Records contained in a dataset
● ● ● ● ● ● ●
(* Let $p\ge3$ be a prime. (1) $\displaystyle \mathrm{ord}_p(\overline{F}_{p^2-1})=\sum_{k=1}^{p-1}\mu(k)\,\mathrm{ord}_p\big(\overline{G}_{\lfloor (p^2-1)/k\rfloor}\big).$ (2) For $1\le k\le p-1$ write $\lfloor (p^2-1)/k\rfloor=a_kp+b_k$ with $0\le a_k,b_k\le p-1$. Then $\mathrm{ord}_p\big(\overline{G}_{\lfloor (p^2-1)/k\rfloor}\big)=a_k(p-1-b_k)$, where $a_k=\lfloor (p-1)/k\rfloor$ and $b_k=\lfloor (p^2-1)/k\rfloor-p\lfloor (p-1)/k\rfloor$. (3) $\displaystyle \mathrm{ord}_p(\overline{F}_{p^2-1})=(p-1)-\sum_{k=1}^{p-1}\mu(k)\Big\lfloor\frac{p-1}{k}\Big\rfloor b_k.$
   Context: For a positive integer $m$, $\overline{F}_m=\Big(\prod_{1\le h\le k\le m,\ \gcd(h,k)=1}\frac{h}{k}\Big)^{-1}$ (reciprocal of the product of all nonzero Farey fractions of order $m$) and $\overline{G}_m=\Big(\prod_{1\le h\le k\le m}\frac{h}{k}\Big)^{-1}$ (reciprocal of the product of all reduced and unreduced fractions $h/k$ with $1\le h\le k\le m$). For a nonzero rational $x$, $\mathrm{ord}_p(x)$ is the exponent of $p$ in $x$. $\mu$ is the M\''obius function. *)

From mathcomp Require Import all_boot all_order all_algebra.
Set Implicit Arguments. Unset Strict Implicit. Unset Printing Implicit Defensive.
Import Order.TTheory GRing.Theory Num.Theory.
Local Open Scope ring_scope.

Definition ordp (p : nat) (x : rat) : int :=
  (logn p `|numq x|%N)%:Z - (logn p `|denq x|%N)%:Z.
(* Let $m,n\in\mathbb{N}$. For $1\le\ell\le m$ let $0<q_{\ell}<1$ and $K_{\ell}=\frac{\pi}{2}\left(\sum_{r\in\mathbb{Z}}q_{\ell}^{r^{2}}\right)^{2}$, and let $v_{j,\ell}\in\mathbb{C}$ ($1\le j\le n$) satisfy $q_{\ell}e^{4\pi|\Im(v_{j,\ell})|}<1$ for all $1\le j\le n$, $1\le \ell\le m$. Then the $n\times n$ matrix \[ \left(\prod_{\ell=1}^{m}\mathrm{dn}\left(2K_{\ell}\left(v_{j,\ell}-\overline{v_{k,\ell}}\right)\right)\right)_{j,k=1}^{n} \] is positive semidefinite, where $\mathrm{dn}$ is computed with nome $q_\ell$ in the $\ell$-th factor.
   Context: For $0<q<1$ and $K=\frac{\pi}{2}\theta_3^2$ with $\theta_3=\sum_{r\in\mathbb{Z}}q^{r^2}$, the Jacobi elliptic function is given by $\mathrm{dn}(2Kv)=\frac{\pi}{K}\sum_{n\in\mathbb{Z}}\frac{q^{n}}{1+q^{2n}}e^{2n\pi vi}$ for $v\in\mathbb{C}$ with $qe^{2\pi|\Im(v)|}<1$. A complex matrix $A=(a_{j,k})$ is positive semidefinite if $\sum_{j,k}a_{j,k}z_j\overline{z_k}\ge0$ for all complex $z_j$. *)

From Stdlib Require Import Reals.
From Coquelicot Require Import Coquelicot.
Open Scope R_scope.

Definition Cexp (z : C) : C :=
  (exp (Re z) * cos (Im z), exp (Re z) * sin (Im z)).

Definition CSeries (a : nat -> C) : C :=
  (Series (fun k => Re (a k)), Series (fun k => Im (a k))).

Definition RSeriesZ (a : Z -> R) : R :=
  Series (fun k => a (Z.of_nat k)) + Series (fun k => a (- Z.of_nat (S k))%Z).
Definition CSeriesZ (a : Z -> C) : C :=
  Cplus (CSeries (fun k => a (Z.of_nat k)))
        (CSeries (fun k => a (- Z.of_nat (S k))%Z)).

Definition theta3 (q : R) : R := RSeriesZ (fun r => powerRZ q (r * r)%Z).

Definition Kq (q : R) : R := PI / 2 * (theta3 q) ^ 2.

(* dn_2K q v := dn(2 K v) with nome q, given by
   (pi/K) sum_{n in Z} q^n/(1+q^(2n)) e^(2 n pi v i). *)
Definition dn_2K (q : R) (v : C) : C :=
  Cmult (RtoC (PI / Kq q))
    (CSeriesZ (fun n =>
       Cmult (RtoC (powerRZ q n / (1 + powerRZ q (2 * n)%Z)))
             (Cexp (Cmult (RtoC (2 * IZR n * PI)) (Cmult v (0, 1)))))).

Fixpoint Csum1 (f : nat -> C) (n : nat) : C :=
  match n with O => RtoC 0 | S n' => Cplus (Csum1 f n') (f (S n')) end.
Fixpoint Cprod1 (f : nat -> C) (m : nat) : C :=
  match m with O => RtoC 1 | S m' => Cmult (Cprod1 f m') (f (S m')) end.

Definition psd (n : nat) (A : nat -> nat -> C) : Prop :=
  forall z : nat -> C,
    let s := Csum1 (fun j => Csum1 (fun k => Cmult (Cmult (A j k) (z j)) (Cconj (z k))) n) n in
    Im s = 0 /\ 0 <= Re s.

(** Each factor is a Fourier series with nonnegative coefficients:
    [dn(2K(x - conj y)) = (pi/K) sum_n c_n e_n(x) conj(e_n(y))] with
    [c_n = q^n/(1+q^(2n)) >= 0] and [e_n(x) = exp(2 n pi i x)], and the series
    converges absolutely because [q e^(2 pi (|Im x| + |Im y|)) < 1] (its square is
    [q e^(4 pi |Im x|) * q e^(4 pi |Im y|)]).  Hence the Hadamard product of a
    positive semidefinite kernel with such a factor is a convergent nonnegative
    combination of kernels [B_jk u_j conj(u_k)], each positive semidefinite, and
    the theorem follows by induction on the number of factors. *)
From Stdlib Require Import Reals Lra Lia.
From Coquelicot Require Import Coquelicot.
Open Scope R_scope.

Lemma exp_le_compat (x y : R) : x <= y -> exp x <= exp y.
Proof. intros [H | ->]; [left; apply exp_increasing | right]; auto. Qed.

Lemma exp_mult_INR (k : nat) (x : R) : exp (INR k * x) = exp x ^ k.
Proof.
  induction k as [|k IH].
  - rewrite Rmult_0_l, exp_0; auto.
  - rewrite S_INR; simpl pow; rewrite <- IH, <- exp_plus. f_equal; ring.
Qed.

Lemma pow_le_pow_of_le_1 (r : R) (k N : nat) : 0 <= r <= 1 -> (k <= N)%nat -> r ^ N <= r ^ k.
Proof.
  intros Hr HkN. replace N with (k + (N - k))%nat by lia. rewrite pow_add.
  assert (r ^ (N - k) <= 1) by (rewrite <- (pow1 (N - k)); apply pow_incr; lra).
  pose proof (pow_le r k (proj1 Hr)). nra.
Qed.

Lemma C_ext (a b : C) : Re a = Re b -> Im a = Im b -> a = b.
Proof. destruct a, b; simpl; intros; subst; reflexivity. Qed.

Lemma Rabs_Im_le_Cmod (c : C) : Rabs (Im c) <= Cmod c.
Proof.
  unfold Cmod. rewrite <- sqrt_Rsqr_abs. apply sqrt_le_1_alt.
  destruct c as [a b]; unfold Rsqr; simpl. nra.
Qed.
● ● ● ● ● ● ●
→ **BRIEF**
All of the records should be repeated precisely as written.

→ **RESPONSE AREA**
(* Let $p\ge3$ be a prime. (1) $\displaystyle \mathrm{ord}_p(\overline{F}_{p^2-1})=\sum_{k=1}^{p-1}\mu(k)\,\mathrm{ord}_p\big(\overline{G}_{\lfloor (p^2-1)/k\rfloor}\big).$ (2) For $1\le k\le p-1$ write $\lfloor (p^2-1)/k\rfloor=a_kp+b_k$ with $0\le a_k,b_k\le p-1$. Then $\mathrm{ord}_p\big(\overline{G}_{\lfloor (p^2-1)/k\rfloor}\big)=a_k(p-1-b_k)$, where $a_k=\lfloor (p-1)/k\rfloor$ and $b_k=\lfloor (p^2-1)/k\rfloor-p\lfloor (p-1)/k\rfloor$. (3) $\displaystyle \mathrm{ord}_p(\overline{F}_{p^2-1})=(p-1)-\sum_{k=1}^{p-1}\mu(k)\Big\lfloor\frac{p-1}{k}\Big\rfloor b_k.$
   Context: For a positive integer $m$, $\overline{F}_m=\Big(\prod_{1\le h\le k\le m,\ \gcd(h,k)=1}\frac{h}{k}\Big)^{-1}$ (reciprocal of the product of all nonzero Farey fractions of order $m$) and $\overline{G}_m=\Big(\prod_{1\le h\le k\le m}\frac{h}{k}\Big)^{-1}$ (reciprocal of the product of all reduced and unreduced fractions $h/k$ with $1\le h\le k\le m$). For a nonzero rational $x$, $\mathrm{ord}_p(x)$ is the exponent of $p$ in $x$. $\mu$ is the M\''obius function. *)

From mathcomp Require Import all_boot all_order all_algebra.
Set Implicit Arguments. Unset Strict Implicit. Unset Printing Implicit Defensive.
Import Order.TTheory GRing.Theory Num.Theory.
Local Open Scope ring_scope.

Definition ordp (p : nat) (x : rat) : int :=
  (logn p `|numq x|%N)%:Z - (logn p `|denq x|%N)%:Z.
(* Let $m,n\in\mathbb{N}$. For $1\le\ell\le m$ let $0<q_{\ell}<1$ and $K_{\ell}=\frac{\pi}{2}\left(\sum_{r\in\mathbb{Z}}q_{\ell}^{r^{2}}\right)^{2}$, and let $v_{j,\ell}\in\mathbb{C}$ ($1\le j\le n$) satisfy $q_{\ell}e^{4\pi|\Im(v_{j,\ell})|}<1$ for all $1\le j\le n$, $1\le \ell\le m$. Then the $n\times n$ matrix \[ \left(\prod_{\ell=1}^{m}\mathrm{dn}\left(2K_{\ell}\left(v_{j,\ell}-\overline{v_{k,\ell}}\right)\right)\right)_{j,k=1}^{n} \] is positive semidefinite, where $\mathrm{dn}$ is computed with nome $q_\ell$ in the $\ell$-th factor.
   Context: For $0<q<1$ and $K=\frac{\pi}{2}\theta_3^2$ with $\theta_3=\sum_{r\in\mathbb{Z}}q^{r^2}$, the Jacobi elliptic function is given by $\mathrm{dn}(2Kv)=\frac{\pi}{K}\sum_{n\in\mathbb{Z}}\frac{q^{n}}{1+q^{2n}}e^{2n\pi vi}$ for $v\in\mathbb{C}$ with $qe^{2\pi|\Im(v)|}<1$. A complex matrix $A=(a_{j,k})$ is positive semidefinite if $\sum_{j,k}a_{j,k}z_j\overline{z_k}\ge0$ for all complex $z_j$. *)

From Stdlib Require Import Reals.
From Coquelicot Require Import Coquelicot.
Open Scope R_scope.

Definition Cexp (z : C) : C :=
  (exp (Re z) * cos (Im z), exp (Re z) * sin (Im z)).

Definition CSeries (a : nat -> C) : C :=
  (Series (fun k => Re (a k)), Series (fun k => Im (a k))).

Definition RSeriesZ (a : Z -> R) : R :=
  Series (fun k => a (Z.of_nat k)) + Series (fun k => a (- Z.of_nat (S k))%Z).
Definition CSeriesZ (a : Z -> C) : C :=
  Cplus (CSeries (fun k => a (Z.of_nat k)))
        (CSeries (fun k => a (- Z.of_nat (S k))%Z)).

Definition theta3 (q : R) : R := RSeriesZ (fun r => powerRZ q (r * r)%Z).

Definition Kq (q : R) : R := PI / 2 * (theta3 q) ^ 2.

(* dn_2K q v := dn(2 K v) with nome q, given by
   (pi/K) sum_{n in Z} q^n/(1+q^(2n)) e^(2 n pi v i). *)
Definition dn_2K (q : R) (v : C) : C :=
  Cmult (RtoC (PI / Kq q))
    (CSeriesZ (fun n =>
       Cmult (RtoC (powerRZ q n / (1 + powerRZ q (2 * n)%Z)))
             (Cexp (Cmult (RtoC (2 * IZR n * PI)) (Cmult v (0, 1)))))).

Fixpoint Csum1 (f : nat -> C) (n : nat) : C :=
  match n with O => RtoC 0 | S n' => Cplus (Csum1 f n') (f (S n')) end.
Fixpoint Cprod1 (f : nat -> C) (m : nat) : C :=
  match m with O => RtoC 1 | S m' => Cmult (Cprod1 f m') (f (S m')) end.

Definition psd (n : nat) (A : nat -> nat -> C) : Prop :=
  forall z : nat -> C,
    let s := Csum1 (fun j => Csum1 (fun k => Cmult (Cmult (A j k) (z j)) (Cconj (z k))) n) n in
    Im s = 0 /\ 0 <= Re s.

(** Each factor is a Fourier series with nonnegative coefficients:
    [dn(2K(x - conj y)) = (pi/K) sum_n c_n e_n(x) conj(e_n(y))] with
    [c_n = q^n/(1+q^(2n)) >= 0] and [e_n(x) = exp(2 n pi i x)], and the series
    converges absolutely because [q e^(2 pi (|Im x| + |Im y|)) < 1] (its square is
    [q e^(4 pi |Im x|) * q e^(4 pi |Im y|)]).  Hence the Hadamard product of a
    positive semidefinite kernel with such a factor is a convergent nonnegative
    combination of kernels [B_jk u_j conj(u_k)], each positive semidefinite, and
    the theorem follows by induction on the number of factors. *)
From Stdlib Require Import Reals Lra Lia.
From Coquelicot Require Import Coquelicot.
Open Scope R_scope.

Lemma exp_le_compat (x y : R) : x <= y -> exp x <= exp y.
Proof. intros [H | ->]; [left; apply exp_increasing | right]; auto. Qed.

Lemma exp_mult_INR (k : nat) (x : R) : exp (INR k * x) = exp x ^ k.
Proof.
  induction k as [|k IH].
  - rewrite Rmult_0_l, exp_0; auto.
  - rewrite S_INR; simpl pow; rewrite <- IH, <- exp_plus. f_equal; ring.
Qed.

Lemma pow_le_pow_of_le_1 (r : R) (k N : nat) : 0 <= r <= 1 -> (k <= N)%nat -> r ^ N <= r ^ k.
Proof.
  intros Hr HkN. replace N with (k + (N - k))%nat by lia. rewrite pow_add.
  assert (r ^ (N - k) <= 1) by (rewrite <- (pow1 (N - k)); apply pow_incr; lra).
  pose proof (pow_le r k (proj1 Hr)). nra.
Qed.

Lemma C_ext (a b : C) : Re a = Re b -> Im a = Im b -> a = b.
Proof. destruct a, b; simpl; intros; subst; reflexivity. Qed.

Lemma Rabs_Im_le_Cmod (c : C) : Rabs (Im c) <= Cmod c.
Proof.
  unfold Cmod. rewrite <- sqrt_Rsqr_abs. apply sqrt_le_1_alt.
  destruct c as [a b]; unfold Rsqr; simpl. nra.
Qed.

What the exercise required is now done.